JSON vs Protobuf Performance and Cost Comparison

Introduction

Any time we’re working with a distributed system, some of those distributed components often need to talk to each other. That communication is costly in more ways than one. There is the compute and memory cost of serialization overhead impacting speed of the application at scale and the monetary cost of the network traffic when running in a public cloud such as AWS or Azure.

The two most common serialization formats for out-of-process inter-service communication are JSON and Protobuf. The former most commonly used with Rest, GraphQL, or JSON-API, and the later gRPC.

JSON is a string serialization format that is extremely portable–easily readable and writable by any language.

Protobuf is a portable binary format. Unlike binary serialization of the past where we needed exact binary compatible type libraries on both ends, and usually the same language, protobuf does not have these constraints. We can have a Go service call a dotnet service call a Java service and all works.

Let’s see how their costs stack up against each other.

The Comparison

For all these tests, I serialized an array of 100 fully populated Customer objects as defined below. For JSON serialization I used System.Text.Json and for protobuf I used Protobuf-Net by Marc Gravell https://github.com/protobuf-net/protobuf-net.

A real-world application for this simulation would be an application’s backend-for-frontend or a Blazor web application hosted in a DMZ or public subnet calling a backend microservice/monolith in a private network.

[ProtoContract]
public class Customer
{
    [ProtoMember(1)]
    public Guid Id { get; set; }
    [ProtoMember(2)]
    public string Name { get; set; } = string.Empty;
    [ProtoMember(3)]
    public int Age { get; set; }
    [ProtoMember(4)]
    public string Email { get; set; } = string.Empty;
    [ProtoMember(5)]
    public string Phone { get; set; } = string.Empty;
    [ProtoMember(6)]
    public string Address { get; set; } = string.Empty;
    [ProtoMember(7)]
    public string City { get; set; } = string.Empty;
    [ProtoMember(8)]
    public string State { get; set; } = string.Empty;
    [ProtoMember(9)]
    public string Zip { get; set; } = string.Empty;
}

Raw Serialization Performance

I first looked at serialization/deserialization performance.

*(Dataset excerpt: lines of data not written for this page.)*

(* For every integer $n>1$ and every $k\in\mathbb{Z}$, $$(\Lambda_{Ld}\ast\beta_k)(n)=Ld(n)\beta_k(n)-\beta_{k-1}(n).$$
   Context: $Ld(n)=\sum_{p^\alpha\parallel n}\frac{\alpha}{p}$ (sum over primes $p\mid n$, $\alpha$ the exact exponent of $p$ in $n$). $\Lambda_{Ld}(n)=\frac1p$ if $n=p^k$ for some prime $p$ and integer $k\geq1$, and $0$ otherwise. $\beta_k(n)=\sum_{p\mid n}p^k$ (sum over distinct primes dividing $n$). $\ast$ is Dirichlet convolution. *)

From mathcomp Require Import all_boot all_order all_algebra.
Set Implicit Arguments. Unset Strict Implicit. Unset Printing Implicit Defensive.
Import Order.TTheory GRing.Theory Num.Theory.
Local Open Scope ring_scope.

Definition dconv (f g : nat -> rat) (n : nat) : rat :=
  \sum_(d <- divisors n) f d * g (n %/ d)%N.

Definition Ld (n : nat) : rat :=
  \sum_(p <- primes n) (logn p n)%:R / p%:R.

Definition LambdaLd (n : nat) : rat :=
  match [pick p : 'I_n.+1 | prime p &&
           [exists k : 'I_n.+1, (0 < k)%N && (n == p ^ k)%N]] with
  | Some p => (nat_of_ord p)%:R^-1
  | None => 0
  end.

Definition beta (k : int) (n : nat) : rat :=
  \sum_(p <- primes n) (p%:R : rat) ^ k.

From mathcomp Require Import all_boot all_order all_algebra.
Import GRing.Theory Num.Theory.

(* Lambda_Ld vanishes off prime powers, so (Lambda_Ld * beta_k)(n) is a sum over
   the p^j with p | n and 1 <= j <= v_p(n), with weight 1/p.  Dividing n by p^j
   keeps every prime divisor of n unless j = v_p(n), when exactly p is lost;
   hence sum_j beta_k(n/p^j) = v_p(n) beta_k(n) - p^k, and multiplying by 1/p
   and summing over p | n gives Ld(n) beta_k(n) - beta_(k-1)(n). *)

Definition prime_power_divisors (n : nat) : seq nat :=
  [seq p ^ j.+1 | p <- primes n, j <- iota 0 (logn p n)].

Lemma mem_prime_power_divisors n d :
  reflect (exists p j, [/\ p \in primes n, j < logn p n & d = p ^ j.+1])
          (d \in prime_power_divisors n).
Proof.
by apply: (iffP allpairsPdep) => -[p [j [p_n j_lt ->]]]; exists p, j;
  rewrite mem_iota in j_lt *.
Qed.

Lemma prime_power_divisors_sub n : {subset prime_power_divisors n <= divisors n}.
Proof.
move=> _ /mem_prime_power_divisors[p [j [p_n j_lt ->]]].
move: p_n; rewrite mem_primes => /and3P[p_pr n_gt0 _].
by rewrite -dvdn_divisors // pfactor_dvdn.
Qed.

Lemma uniq_prime_power_divisors n : uniq (prime_power_divisors n).
Proof.
apply: allpairs_uniq_dep => [|p _|]; rewrite ?primes_uniq ?iota_uniq //.
move=> _ _ /allpairsPdep[p [j [p_n _ ->]]] /allpairsPdep[q [i [q_n _ ->]]] /=.
have p_pr : prime p by move: p_n; rewrite mem_primes => /andP[].
have q_pr : prime q by move: q_n; rewrite mem_primes => /andP[].
move=> E; have p_q : p = q by rewrite -(pdiv_pfactor j p_pr) E pdiv_pfactor.
by move: E; rewrite p_q => /eqP; rewrite eqn_exp2l ?prime_gt1 // => /eqP[->].
Qed.

Local Open Scope ring_scope.

Lemma dconv_prime_power_support (f g : nat -> rat) n : (0 < n)%N ->
    (forall d, f d != 0 -> exists p j, prime p /\ d = (p ^ j.+1)%N) ->
  dconv f g n =
    \sum_(p <- primes n) \sum_(j < logn p n) f (p ^ j.+1)%N * g (n %/ p ^ j.+1)%N.
Proof.
move=> n_gt0 f_supp; rewrite /dconv (bigID (mem (prime_power_divisors n))) /=.
rewrite [X in _ + X]big1_seq ?addr0 => [|d /andP[d_npp d_n]]; last first.
  suff /eqP -> : f d == 0 by rewrite mul0r.
  apply: contraR d_npp => /f_supp[p [j [p_pr d_eq]]]; apply/mem_prime_power_divisors.
  rewrite -dvdn_divisors // d_eq in d_n.
  exists p, j; rewrite -pfactor_dvdn // d_n mem_primes p_pr n_gt0.
  by rewrite (dvdn_trans _ d_n) // dvdn_exp.
rewrite -big_filter (perm_big (prime_power_divisors n)); last first.
  apply: uniq_perm; rewrite ?filter_uniq ?divisors_uniq ?uniq_prime_power_divisors //.
  by move=> d; rewrite mem_filter andb_idr // => /prime_power_divisors_sub.
rewrite big_allpairs_dep; apply: eq_bigr => p _.
by rewrite -val_enum_ord big_map big_enum.
Qed.

Lemma LambdaLd_prime_power_support d :
  LambdaLd d != 0 -> exists p j, prime p /\ d = (p ^ j.+1)%N.
Proof.
rewrite /LambdaLd; case: pickP => [p /andP[p_pr /existsP[[[|i] _]]] | _] //=.
by move=> /eqP d_eq _; exists p, i.
Qed.

Lemma LambdaLd_pfactor p j : prime p -> LambdaLd (p ^ j.+1) = p%:R^-1.
Proof.
move=> p_pr; rewrite /LambdaLd; case: pickP => [q | no_pick].
  case/andP=> q_pr /existsP[[[|i] _]] //= /eqP E.
  suff -> : nat_of_ord q = p by [].
  by rewrite -(pdiv_pfactor i q_pr) -E pdiv_pfactor.
have p_lt : (p < (p ^ j.+1).+1)%N by rewrite ltnS expnS leq_pmulr ?expn_gt0 ?prime_gt0.
have j_lt : (j.+1 < (p ^ j.+1).+1)%N by rewrite ltnS ltnW // ltn_expl ?prime_gt1.
have := no_pick (Ordinal p_lt); rewrite /= p_pr => /existsPn/(_ (Ordinal j_lt)).
by rewrite /= eqxx.
Qed.

Lemma primes_divn_pfactor n p j : (j < logn p n)%N -> primes (n %/ p ^ j) = primes n.
Proof.
move=> j_lt; have: p \in primes n by rewrite -logn_gt0 (leq_ltn_trans _ j_lt).
rewrite mem_primes => /and3P[p_pr n_gt0 _].
have pj_n : (p ^ j %| n)%N by rewrite pfactor_dvdn // ltnW.
apply/eq_primes => q; rewrite -!logn_gt0 logn_div // lognX (logn_prime _ p_pr).
case: eqP => [->|_] /=; rewrite ?muln0 ?subn0 // muln1 subn_gt0 j_lt.
by rewrite (leq_ltn_trans _ j_lt).
Qed.

Lemma beta_divn_pfactor_logn k n p : p \in primes n ->
  beta k (n %/ p ^ logn p n) = beta k n - p%:R ^ k.
Proof.
move=> p_n; move: (p_n); rewrite mem_primes => /and3P[_ n_gt0 _].
rewrite -p_part -{1}(partnC p n_gt0) mulKn ?part_gt0 // /beta primes_part big_filter.
rewrite [in RHS](bigD1_seq p) ?primes_uniq //= addrC addrK.
by apply: eq_bigl => q; rewrite !inE.
Qed.

Lemma sum_beta_divn_pfactor k n p : p \in primes n ->
  \sum_(j < logn p n) beta k (n %/ p ^ j.+1) = (logn p n)%:R * beta k n - p%:R ^ k.
Proof.
move=> p_n; have := p_n; rewrite -logn_gt0.
case L_def: (logn p n) => [//|L] _.
rewrite big_ord_recr /= -L_def beta_divn_pfactor_logn //.
rewrite (eq_bigr (fun=> beta k n)) => [|j _]; last first.
  by rewrite /beta primes_divn_pfactor // L_def ltnS.
by rewrite sumr_const card_ord addrA -mulrSr L_def mulr_natl.
Qed.

Theorem theorem3p3 (n : nat) (k : int) : (1 < n)%N ->
  dconv LambdaLd (beta k) n = Ld n * beta k n - beta (k - 1) n.
Proof.
move=> n_gt1; rewrite dconv_prime_power_support ?(ltnW n_gt1) //; last first.
  exact: LambdaLd_prime_power_support.
rewrite /Ld big_distrl [beta (k - 1) n]/beta -sumrB; apply: eq_big_seq => p p_n.
have p_pr : prime p by move: p_n; rewrite mem_primes => /andP[].
have p_neq0 : (p%:R : rat) != 0 by rewrite pnatr_eq0 -lt0n prime_gt0.
under eq_bigr => j _ do rewrite LambdaLd_pfactor //.
rewrite -mulr_sumr sum_beta_divn_pfactor // mulrBr.
by rewrite expfzDr // exprN1 mulrA (mulrC p%:R^-1) (mulrC (p%:R ^ k)).
Qed.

Method Mean Error StdDev Gen0 Gen1 Allocated
ProtobufNet_Serialize 19.48 us 0.038 us 0.034 us 3.4790 0.1831 43.02 KB
ProtobufNet_Deserialize 24.61 us 0.094 us 0.088 us 3.3875 0.4578 41.51 KB
SystemTextJson_Serialize 22.28 us 0.046 us 0.039 us 3.1738 - 39.34 KB
SystemTextJson_Deserialize 42.41 us 0.066 us 0.055 us 3.4790 0.4272 43.16 KB

We can see that in .Net 10, System.Text.Json is nearly as fast as Protobuf.Net for serializing. Deserialization, however, Protobuf.Net is nearly 2X faster.

What about size?

The size of the resulting payload is where the real money is. Amazon and Azure, for example, charge for traffic between availability zones.

I used raw JSON as the baseline since that is the default for AspNet Core and the most common devs use.

Test Size (bytes) Improvement
JSON 19,977 baseline
Protobuf 10,776 46.1%
JSON Gzipped (Fastest) 5,433 72.8%
JSON Gzipped (Optimal) 3,424 82.9%
Protobuf Gzipped (Fastest) 3,321 83.4%
Protobuf Gzipped (Optimal) 2,992 85.0%

We can see that protobuf is nearly half the size as the JSON payload. Twice and fast and half the size–not a bad gain.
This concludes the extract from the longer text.